▶ **ABOUT THIS EXERCISE**: Only the lines below starting at the one containing "have [c' c'C ->] := lmul_ontoP onto_xy cC." and ending at the one containing "move=> xx; elim: n" belong in the answer, each copied exactly.

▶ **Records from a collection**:

(* Let $M$ be an ordinal monoid with merge and $A\subseteq M$. Then at least one of the following holds: (1) $a\cdot\mathrm{Cl}^{\mathrm{ord}+}_{\sharp}(A)\subsetneq\mathrm{Cl}^{\mathrm{ord}+}_{\sharp}(A)$ for some $a\in A$; (2) $\mathrm{Cl}^{\mathrm{ord}+}_{\sharp}(\mathrm{Cl}^{\omega}_{\sharp}(A))\subsetneq\mathrm{Cl}^{\mathrm{ord}+}_{\sharp}(A)$; (3) $x\cdot y=y$ and $x^\omega=y^\omega$ for all $x,y\in\mathrm{Cl}^{\mathrm{ord}+}_{\sharp}(A)$.
   Context: An ordinal monoid has generalised product $\pi$ on countable-ordinal-length words; $1=\pi(\varepsilon)$, $x\cdot y=\pi(xy)$, $x^\omega=\pi(xxx\cdots)$; ordered by $\le$ if $u\le v$ letterwise implies $\pi(u)\le\pi(v)$. $x^!$ idempotent power, $x^{!+k}$ eventual value of $x^{n!+k}$ in a finite semigroup. Ordinal monoid with merge: $(M,1,\le,\cdot,-^\omega,-^\sharp)$, $M$ finite, $(M,1,\le,\cdot,-^\omega)$ the presentation of an ordered finite ordinal monoid, $-^\sharp$ monotone with $a^{!+k}\le a^\sharp$, $(a^!)^\sharp=a^!$, $a^\sharp a^\sharp=(a^\sharp)^\sharp=a^\sharp$, $(ab)^\sharp=a(ba)^\sharp b$ for all $a,b\in M$, $k\in\mathbb Z$. Closures of $A\subseteq M$: $\mathrm{Cl}^{+}_{\sharp}(A)$ closure under $\cdot$ and $-^\sharp$; $\mathrm{Cl}^{\mathrm{ord}+}_{\sharp}(A)$ closure under $\cdot$, $-^\sharp$ and $-^\omega$; $\mathrm{Cl}^{\omega}_{\sharp}(A)=\{a\cdot b^\omega:a,b\in\mathrm{Cl}^{+}_{\sharp}(A)\}$. $a\cdot X=\{a\cdot x: x\in X\}$. *)

From mathcomp Require Import all_boot all_order all_algebra.
Set Implicit Arguments. Unset Strict Implicit. Unset Printing Implicit Defensive.

Section OMM.
Variables (M : finType) (one : M) (le : rel M) (mul : M -> M -> M)
          (om sh : M -> M).

Fixpoint pw (x : M) (n : nat) : M :=
  if n is n'.+1 then mul x (pw x n') else one.

Definition ev_pow (x : M) (k : int) (y : M) : Prop :=
  exists N : nat, forall n : nat, (N <= n)%N ->
    pw x `|((n`!)%:Z + k)%R|%N = y.

(* (M,1,<=,.,-^omega) is the presentation of an ordered finite ordinal monoid
   (algebraic axiomatisation, cf. Bedon--Carton, in the ordered setting). *)
Record ordered_ordinal_monoid : Prop := {
  le_refl  : forall x, le x x;
  le_anti  : forall x y, le x y -> le y x -> x = y;
  le_trans : forall x y z, le x y -> le y z -> le x z;
  mulA     : forall x y z, mul x (mul y z) = mul (mul x y) z;
  mul1x    : forall x, mul one x = x;
  mulx1    : forall x, mul x one = x;
  om_shift : forall x y, om (mul x y) = mul x (om (mul y x));
  om_pow   : forall x n, (0 < n)%N -> om (pw x n) = om x;
  om_one   : om one = one;
  mul_mono : forall x x' y y', le x x' -> le y y' -> le (mul x y) (mul x' y');
  om_mono  : forall x y, le x y -> le (om x) (om y)
}.

Record ordinal_monoid_merge : Prop := {
  omm_base    : ordered_ordinal_monoid;
  sh_mono     : forall a b, le a b -> le (sh a) (sh b);
  sh_ge_pow   : forall a (k : int) y, ev_pow a k y -> le y (sh a);
  sh_idem_pow : forall a y, ev_pow a 0 y -> sh y = y;
  sh_sq       : forall a, mul (sh a) (sh a) = sh a;
  sh_sh       : forall a, sh (sh a) = sh a;
  sh_mulC     : forall a b, sh (mul a b) = mul a (mul (sh (mul b a)) b)
}.

Definition closed_mul (B : {set M}) : bool :=
  [forall x, forall y, (x \in B) && (y \in B) ==> (mul x y \in B)].
Definition closed_fun (f : M -> M) (B : {set M}) : bool :=
  [forall x, (x \in B) ==> (f x \in B)].

Definition Cl_plus (A : {set M}) : {set M} :=
  \bigcap_(B : {set M} | (A \subset B) && closed_mul B && closed_fun sh B) B.

Definition Cl_ord (A : {set M}) : {set M} :=
  \bigcap_(B : {set M} | [&& A \subset B, closed_mul B, closed_fun sh B
                           & closed_fun om B]) B.

Definition Cl_omega (A : {set M}) : {set M} :=
  [set mul a (om b) | a in Cl_plus A, b in Cl_plus A].

Definition lmul (a : M) (X : {set M}) : {set M} := [set mul a x | x in X].

End OMM.

From Pilot Require Import Defs.
From mathcomp Require Import all_boot all_order all_algebra.
From mathcomp Require Import zify.
Set Implicit Arguments. Unset Strict Implicit. Unset Printing Implicit Defensive.

(* Let C := Cl^{ord+}_#(A) and call x onto when x . C = C.  If (1) fails, every
   a in A is onto; if (2) fails, C is generated by Cl^omega_#(A).  Non-onto
   elements are stable under products, # and omega, since x . y, x^# = x . x^#
   and x^omega = x . x^omega are left multiples of x.  So if no a . b^omega is
   onto, C contains no onto element although A does: A, hence C, is empty.
   Otherwise b^omega is onto and b . b^omega = b^omega, so b acts trivially on
   C.  An onto t has an onto idempotent power e, which acts trivially on C;
   then t^omega = e^omega = (e b)^omega = e (b e)^omega = b^omega, and as t
   fixes the onto element t^omega, t acts trivially on C and t^# = t.  Thus
   onto elements are closed under the generating operations, and C is onto. *)

Section OrdinalClosure.
Variables (M : finType) (mul : M -> M -> M) (om sh : M -> M).
Local Notation cl := (Cl_ord mul om sh).

Lemma Cl_ord_sub (A : {set M}) : A \subset cl A.
Proof.
by apply/subsetP => x xA; apply/bigcapP => B /and4P[/subsetP AB _ _ _]; apply: AB.
Qed.

Lemma Cl_ord_min (A B : {set M}) :
  A \subset B -> closed_mul mul B -> closed_fun sh B -> closed_fun om B ->
  cl A \subset B.
Proof. by move=> AB mulB shB omB; apply: bigcap_inf; rewrite AB mulB shB omB. Qed.

Lemma Cl_ord_mul (A : {set M}) : {in cl A &, forall x y, mul x y \in cl A}.
Proof.
move=> x y /bigcapP xA /bigcapP yA; apply/bigcapP => B B_cl.
have /and4P[_ /forallP/(_ x)/forallP/(_ y)/implyP mulB _ _] := B_cl.
by apply: mulB; rewrite xA ?yA.
Qed.

Lemma Cl_ord_sh (A : {set M}) : {in cl A, forall x, sh x \in cl A}.
Proof.
move=> x /bigcapP xA; apply/bigcapP => B B_cl.
have /and4P[_ _ /forallP/(_ x)/implyP shB _] := B_cl.
by apply: shB; rewrite xA.
Qed.

Lemma Cl_ord_om (A : {set M}) : {in cl A, forall x, om x \in cl A}.
Proof.
move=> x /bigcapP xA; apply/bigcapP => B B_cl.
have /and4P[_ _ _ /forallP/(_ x)/implyP omB] := B_cl.
by apply: omB; rewrite xA.
Qed.

Lemma Cl_ord_closed (A : {set M}) :
  [/\ closed_mul mul (cl A), closed_fun sh (cl A) & closed_fun om (cl A)].
Proof.
split; apply/forallP => x; last 2 first.
- by apply/implyP; apply: Cl_ord_sh.
- by apply/implyP; apply: Cl_ord_om.
by apply/forallP => y; apply/implyP => /andP[]; apply: Cl_ord_mul.
Qed.

Lemma Cl_ord_ind (A : {set M}) (P : pred M) :
  {in A, forall a, P a} ->
  {in cl A &, forall x y, P x -> P y -> P (mul x y)} ->
  {in cl A, forall x, P x -> P (sh x)} ->
  {in cl A, forall x, P x -> P (om x)} ->
  {in cl A, forall x, P x}.
Proof.
move=> PA Pmul Psh Pom x xA.
suff /subsetP/(_ x xA) : cl A \subset [set y in cl A | P y] by rewrite inE => /andP[].
apply: Cl_ord_min.
- by apply/subsetP => a aA; rewrite inE (subsetP (Cl_ord_sub A)) ?PA.
- apply/forallP => y; apply/forallP => z; apply/implyP; rewrite !inE.
  by case/andP=> /andP[yA Py] /andP[zA Pz]; rewrite Cl_ord_mul ?Pmul.
- by apply/forallP => y; apply/implyP; rewrite !inE => /andP[yA Py]; rewrite Cl_ord_sh ?Psh.
- by apply/forallP => y; apply/implyP; rewrite !inE => /andP[yA Py]; rewrite Cl_ord_om ?Pom.
Qed.

Lemma Cl_plus_sub_Cl_ord (A : {set M}) : Cl_plus mul sh A \subset cl A.
Proof.
have [mulC shC _] := Cl_ord_closed A.
by apply: bigcap_inf; rewrite Cl_ord_sub mulC shC.
Qed.

Lemma Cl_omega_sub_Cl_ord (A : {set M}) : Cl_omega mul om sh A \subset cl A.
Proof.
apply/subsetP => _ /imset2P[p q pA qA ->].
have /subsetP plusA := Cl_plus_sub_Cl_ord A.
by rewrite Cl_ord_mul ?Cl_ord_om ?plusA.
Qed.

Lemma Cl_ord_Cl_omega_sub (A : {set M}) : cl (Cl_omega mul om sh A) \subset cl A.
Proof.
have [mulC shC omC] := Cl_ord_closed A.
exact: Cl_ord_min (Cl_omega_sub_Cl_ord A) mulC shC omC.
Qed.

End OrdinalClosure.

Section LeftMultiplicationOnto.
Variables (M : finType) (mul : M -> M -> M) (C : {set M}).
Hypothesis mulA : associative mul.
Hypothesis mulC : {in C &, forall x y, mul x y \in C}.

Definition lmul_onto x := C \subset lmul mul x C.

Lemma lmul_sub x : x \in C -> lmul mul x C \subset C.
Proof. by move=> xC; apply/subsetP => _ /imsetP[c cC ->]; apply: mulC. Qed.

Lemma lmul_ontoP x c : lmul_onto x -> c \in C -> exists2 c', c' \in C & c = mul x c'.
Proof. by move=> /subsetP onto_x /onto_x/imsetP. Qed.

Lemma lmul_ontoM x y : lmul_onto x -> lmul_onto y -> lmul_onto (mul x y).
Proof.
move=> onto_x onto_y; apply/subsetP => c cC.
have [c1 c1C ->] := lmul_ontoP onto_x cC.
have [c2 c2C ->] := lmul_ontoP onto_y c1C.
by rewrite mulA; apply: imset_f.
Qed.

Lemma lmul_onto_factorl x y : y \in C -> lmul_onto (mul x y) -> lmul_onto x.
Proof.
move=> yC onto_xy; apply/subsetP => c cC.
have [c' c'C ->] := lmul_ontoP onto_xy cC.
by rewrite -mulA imset_f ?mulC.
Qed.

(* By counting: [x . (y . C)] fills the finite set [C], so [y . C] must too. *)
Lemma lmul_onto_factorr x y : x \in C -> y \in C -> lmul_onto (mul x y) -> lmul_onto y.
Proof.
move=> xC yC; rewrite /lmul_onto.
have -> : lmul mul (mul x y) C = lmul mul x (lmul mul y C).
  by rewrite /lmul -imset_comp; apply: eq_imset => c /=; rewrite mulA.
move/subset_leq_card/leq_trans/(_ (leq_imset_card _ _)) => card_yC.
by have /eqP -> : lmul mul y C == C by rewrite eqEcard lmul_sub.
Qed.

Lemma lmul_onto_fix x u :
  lmul_onto u -> mul x u = u -> {in C, forall c, mul x c = c}.
Proof. by move=> onto_u xu c /(lmul_ontoP onto_u)[c' _ ->]; rewrite mulA xu. Qed.

End LeftMultiplicationOnto.

Section Powers.
Variables (M : finType) (one : M) (mul : M -> M -> M).
Hypotheses (mulA : associative mul) (mul1x : left_id one mul) (mulx1 : right_id one mul).
Local Notation pw := (pw one mul).

Lemma pwD x m n : pw x (m + n) = mul (pw x m) (pw x n).
Proof. by elim: m => [|m IH] /=; rewrite ?mul1x // IH mulA. Qed.

Lemma pw_collision x : exists i j, i < j /\ pw x i = pw x j.
Proof.
pose f (i : 'I_#|M|.+1) := pw x i.
have /injectivePn[i [j neq_ij eq_ij]] : ~~ injectiveb f.
  by apply/injectiveP => /leq_card; rewrite card_ord ltnn.
by case: (ltngtP i j) neq_ij => [lt_ij|lt_ji|/val_inj->]; rewrite ?eqxx //;
  [exists i, j | exists j, i].
Qed.

Lemma pw_idempotent x : exists2 k, 0 < k & mul (pw x k) (pw x k) = pw x k.
Proof.
have [i [j [lt_ij eq_ij]]] := pw_collision x.
have period l : i <= l -> pw x (l + (j - i)) = pw x l.
  move=> le_il; have -> : l + (j - i) = l - i + j by lia.
  by rewrite pwD -eq_ij -pwD subnK.
have periodM l m : i <= l -> pw x (l + m * (j - i)) = pw x l.
  move=> le_il; elim: m => [|m IH]; first by rewrite addn0.
  by rewrite mulSnr addnA period ?(leq_trans le_il (leq_addr _ _)).
exists (j * (j - i)); first by rewrite muln_gt0; lia.
by rewrite -pwD periodM //; nia.
Qed.

Lemma pw_idem x n : mul x x = x -> pw x n.+1 = x.
Proof.
move=> xx; elim: n => [|n IH]; first exact: mulx1.
by rewrite -[pw x n.+2]/(mul x (pw x n.+1)) IH.
Qed.

Lemma ev_pow_idem x : mul x x = x -> ev_pow one mul x 0 x.
Proof.
move=> xx; exists 0 => n _; rewrite GRing.addr0 absz_nat.
by rewrite -(prednK (fact_gt0 n)) pw_idem.
Qed.

Lemma pw_in (C : {set M}) x n :
  {in C &, forall y z, mul y z \in C} -> x \in C -> pw x n.+1 \in C.
Proof.
move=> mulC xC; elim: n => [|n IH]; first by rewrite /= mulx1.
by rewrite -[pw x n.+2]/(mul x (pw x n.+1)) mulC.
Qed.

End Powers.

Section OntoElements.
Variables (M : finType) (one : M) (le : rel M) (mul : M -> M -> M) (om sh : M -> M).
Hypothesis HM : ordinal_monoid_merge one le mul om sh.
Variable A : {set M}.
Local Notation C := (Cl_ord mul om sh A).
Local Notation onto := (lmul_onto mul C).

Let mulA : associative mul := Defs.mulA (omm_base HM).
Let mul1x : left_id one mul := mul1x (omm_base HM).
Let mulx1 : right_id one mul := mulx1 (omm_base HM).
Let mulC : {in C &, forall x y, mul x y \in C} := @Cl_ord_mul _ mul om sh A.

Lemma mul_om x : mul x (om x) = om x.
Proof. by have := om_shift (omm_base HM) x one; rewrite mulx1 mul1x. Qed.

Lemma mul_sh x : mul x (sh x) = sh x.
Proof. by have := sh_mulC HM x one; rewrite mulx1 mul1x mulx1. Qed.

Lemma onto_pw t n : onto t -> onto (pw one mul t n.+1).
Proof.
move=> onto_t; elim: n => [|n IH]; first by rewrite /= mulx1.
by rewrite -[pw _ _ t n.+2]/(mul t (pw one mul t n.+1)) lmul_ontoM.
Qed.

Lemma onto_acts_trivially q t :
  q \in C -> onto (om q) -> t \in C -> onto t ->
  {in C, forall c, mul t c = c} /\ om t = om q.
Proof.
move=> qC onto_omq tC onto_t.
have q_id := lmul_onto_fix mulA onto_omq (mul_om q).
have [[//|k] _ ee] := pw_idempotent mulA mul1x t.
set e := pw one mul t k.+1 in ee.
have eC : e \in C by apply: pw_in.
have e_id := lmul_onto_fix mulA (onto_pw k onto_t) ee.
have om_t : om t = om q.
  rewrite -(om_pow (omm_base HM) t (ltn0Sn k)) -/e -(e_id q qC).
  by rewrite (om_shift (omm_base HM)) e_id q_id // Cl_ord_om // mulC.
have t_omq : mul t (om q) = om q by rewrite -om_t mul_om.
by split=> //; move: (lmul_onto_fix mulA onto_omq t_omq).
Qed.

Lemma Cl_ord_onto q :
  q \in C -> onto (om q) -> {in A, forall a, onto a} -> {in C, forall x, onto x}.
Proof.
move=> qC onto_omq onto_A; apply: Cl_ord_ind => // [x y _ yC|x xC onto_x|x xC onto_x].
- exact: lmul_ontoM.
- have [x_id _] := onto_acts_trivially qC onto_omq xC onto_x.
  by rewrite (sh_idem_pow HM (ev_pow_idem mulx1 (x_id x xC))).
- by have [_ ->] := onto_acts_trivially qC onto_omq xC onto_x.
Qed.

Lemma Cl_ord_acts_trivially q :
  q \in C -> onto (om q) -> {in A, forall a, onto a} ->
  forall x y, x \in C -> y \in C -> mul x y = y /\ om x = om y.
Proof.
move=> qC onto_omq onto_A x y xC yC.
have onto_C := Cl_ord_onto qC onto_omq onto_A.
have [x_id om_x] := onto_acts_trivially qC onto_omq xC (onto_C x xC).
have [_ om_y] := onto_acts_trivially qC onto_omq yC (onto_C y yC).
by rewrite x_id // om_x om_y.
Qed.

Lemma Cl_ord_not_onto :
  Cl_ord mul om sh (Cl_omega mul om sh A) = C ->
  {in Cl_omega mul om sh A, forall w, ~~ onto w} -> {in C, forall x, ~~ onto x}.
Proof.
move=> genC not_onto.
have := @Cl_ord_ind _ mul om sh _ (fun x => ~~ onto x) not_onto; rewrite genC.
apply=> [x y xC yC _|x xC|x xC]; apply: contra.
- exact: (lmul_onto_factorr mulA mulC xC yC).
- by rewrite -mul_sh; exact: (lmul_onto_factorl mulA mulC (Cl_ord_sh xC)).
- by rewrite -mul_om; exact: (lmul_onto_factorl mulA mulC (Cl_ord_om xC)).
Qed.

End OntoElements.

Theorem lemma5p10 (M : finType) (one : M) (le : rel M) (mul : M -> M -> M)
    (om sh : M -> M)
    (HM : ordinal_monoid_merge one le mul om sh) (A : {set M}) :
  (exists2 a, a \in A &
     lmul mul a (Cl_ord mul om sh A) \proper Cl_ord mul om sh A)
  \/ (Cl_ord mul om sh (Cl_omega mul om sh A) \proper Cl_ord mul om sh A)
  \/ (forall x y, x \in Cl_ord mul om sh A -> y \in Cl_ord mul om sh A ->
        mul x y = y /\ om x = om y).
Proof.
set C := Cl_ord mul om sh A; set W := Cl_omega mul om sh A.
have mulA := Defs.mulA (omm_base HM).
have mulC : {in C &, forall x y, mul x y \in C} := @Cl_ord_mul _ mul om sh A.
have /subsetP AC := Cl_ord_sub mul om sh A.
have [/exists_inP[a aA proper_aC]|/exists_inPn not_proper] :=
  boolP [exists a in A, lmul mul a C \proper C]; first by left; exists a.
have onto_A : {in A, forall a, lmul_onto mul C a}.
  by move=> a aA; move: (not_proper a aA); rewrite properE lmul_sub ?AC //= negbK.
right; have [|] := boolP (Cl_ord mul om sh W \proper C); first by left.
rewrite properE Cl_ord_Cl_omega_sub negbK => sub_C; right.
have genC : Cl_ord mul om sh W = C by apply/eqP; rewrite eqEsubset sub_C Cl_ord_Cl_omega_sub.
have [/exists_inP[_ /imset2P[p q pA qA ->] onto_w]|/exists_inPn not_onto_W] :=
  boolP [exists w in W, lmul_onto mul C w].
  have /subsetP plusC := Cl_plus_sub_Cl_ord mul om sh A.
  apply: (Cl_ord_acts_trivially HM (q := q)); rewrite ?plusC //.
  by apply: (lmul_onto_factorr mulA mulC _ _ onto_w); rewrite ?Cl_ord_om ?plusC.
have not_onto_C := Cl_ord_not_onto HM genC not_onto_W.
have emptyC : {in C, forall x, false}.
  apply: (@Cl_ord_ind _ mul om sh A (fun _ => false)) => // a aA.
  by move: (not_onto_C a (AC a aA)); rewrite onto_A.
by move=> x y /emptyC.
Qed.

▶ **YOUR SOLUTION**:
have [c' c'C ->] := lmul_ontoP onto_xy cC.
by rewrite -mulA imset_f ?mulC.
Qed.

(* By counting: [x . (y . C)] fills the finite set [C], so [y . C] must too. *)
Lemma lmul_onto_factorr x y : x \in C -> y \in C -> lmul_onto (mul x y) -> lmul_onto y.
Proof.
move=> xC yC; rewrite /lmul_onto.
have -> : lmul mul (mul x y) C = lmul mul x (lmul mul y C).
  by rewrite /lmul -imset_comp; apply: eq_imset => c /=; rewrite mulA.
move/subset_leq_card/leq_trans/(_ (leq_imset_card _ _)) => card_yC.
by have /eqP -> : lmul mul y C == C by rewrite eqEcard lmul_sub.
Qed.

Lemma lmul_onto_fix x u :
  lmul_onto u -> mul x u = u -> {in C, forall c, mul x c = c}.
Proof. by move=> onto_u xu c /(lmul_ontoP onto_u)[c' _ ->]; rewrite mulA xu. Qed.

End LeftMultiplicationOnto.

Section Powers.
Variables (M : finType) (one : M) (mul : M -> M -> M).
Hypotheses (mulA : associative mul) (mul1x : left_id one mul) (mulx1 : right_id one mul).
Local Notation pw := (pw one mul).

Lemma pwD x m n : pw x (m + n) = mul (pw x m) (pw x n).
Proof. by elim: m => [|m IH] /=; rewrite ?mul1x // IH mulA. Qed.

Lemma pw_collision x : exists i j, i < j /\ pw x i = pw x j.
Proof.
pose f (i : 'I_#|M|.+1) := pw x i.
have /injectivePn[i [j neq_ij eq_ij]] : ~~ injectiveb f.
  by apply/injectiveP => /leq_card; rewrite card_ord ltnn.
by case: (ltngtP i j) neq_ij => [lt_ij|lt_ji|/val_inj->]; rewrite ?eqxx //;
  [exists i, j | exists j, i].
Qed.

Lemma pw_idempotent x : exists2 k, 0 < k & mul (pw x k) (pw x k) = pw x k.
Proof.
have [i [j [lt_ij eq_ij]]] := pw_collision x.
have period l : i <= l -> pw x (l + (j - i)) = pw x l.
  move=> le_il; have -> : l + (j - i) = l - i + j by lia.
  by rewrite pwD -eq_ij -pwD subnK.
have periodM l m : i <= l -> pw x (l + m * (j - i)) = pw x l.
  move=> le_il; elim: m => [|m IH]; first by rewrite addn0.
  by rewrite mulSnr addnA period ?(leq_trans le_il (leq_addr _ _)).
exists (j * (j - i)); first by rewrite muln_gt0; lia.
by rewrite -pwD periodM //; nia.
Qed.

Lemma pw_idem x n : mul x x = x -> pw x n.+1 = x.
Proof.
move=> xx; elim: n => [|n IH]; first exact: mulx1.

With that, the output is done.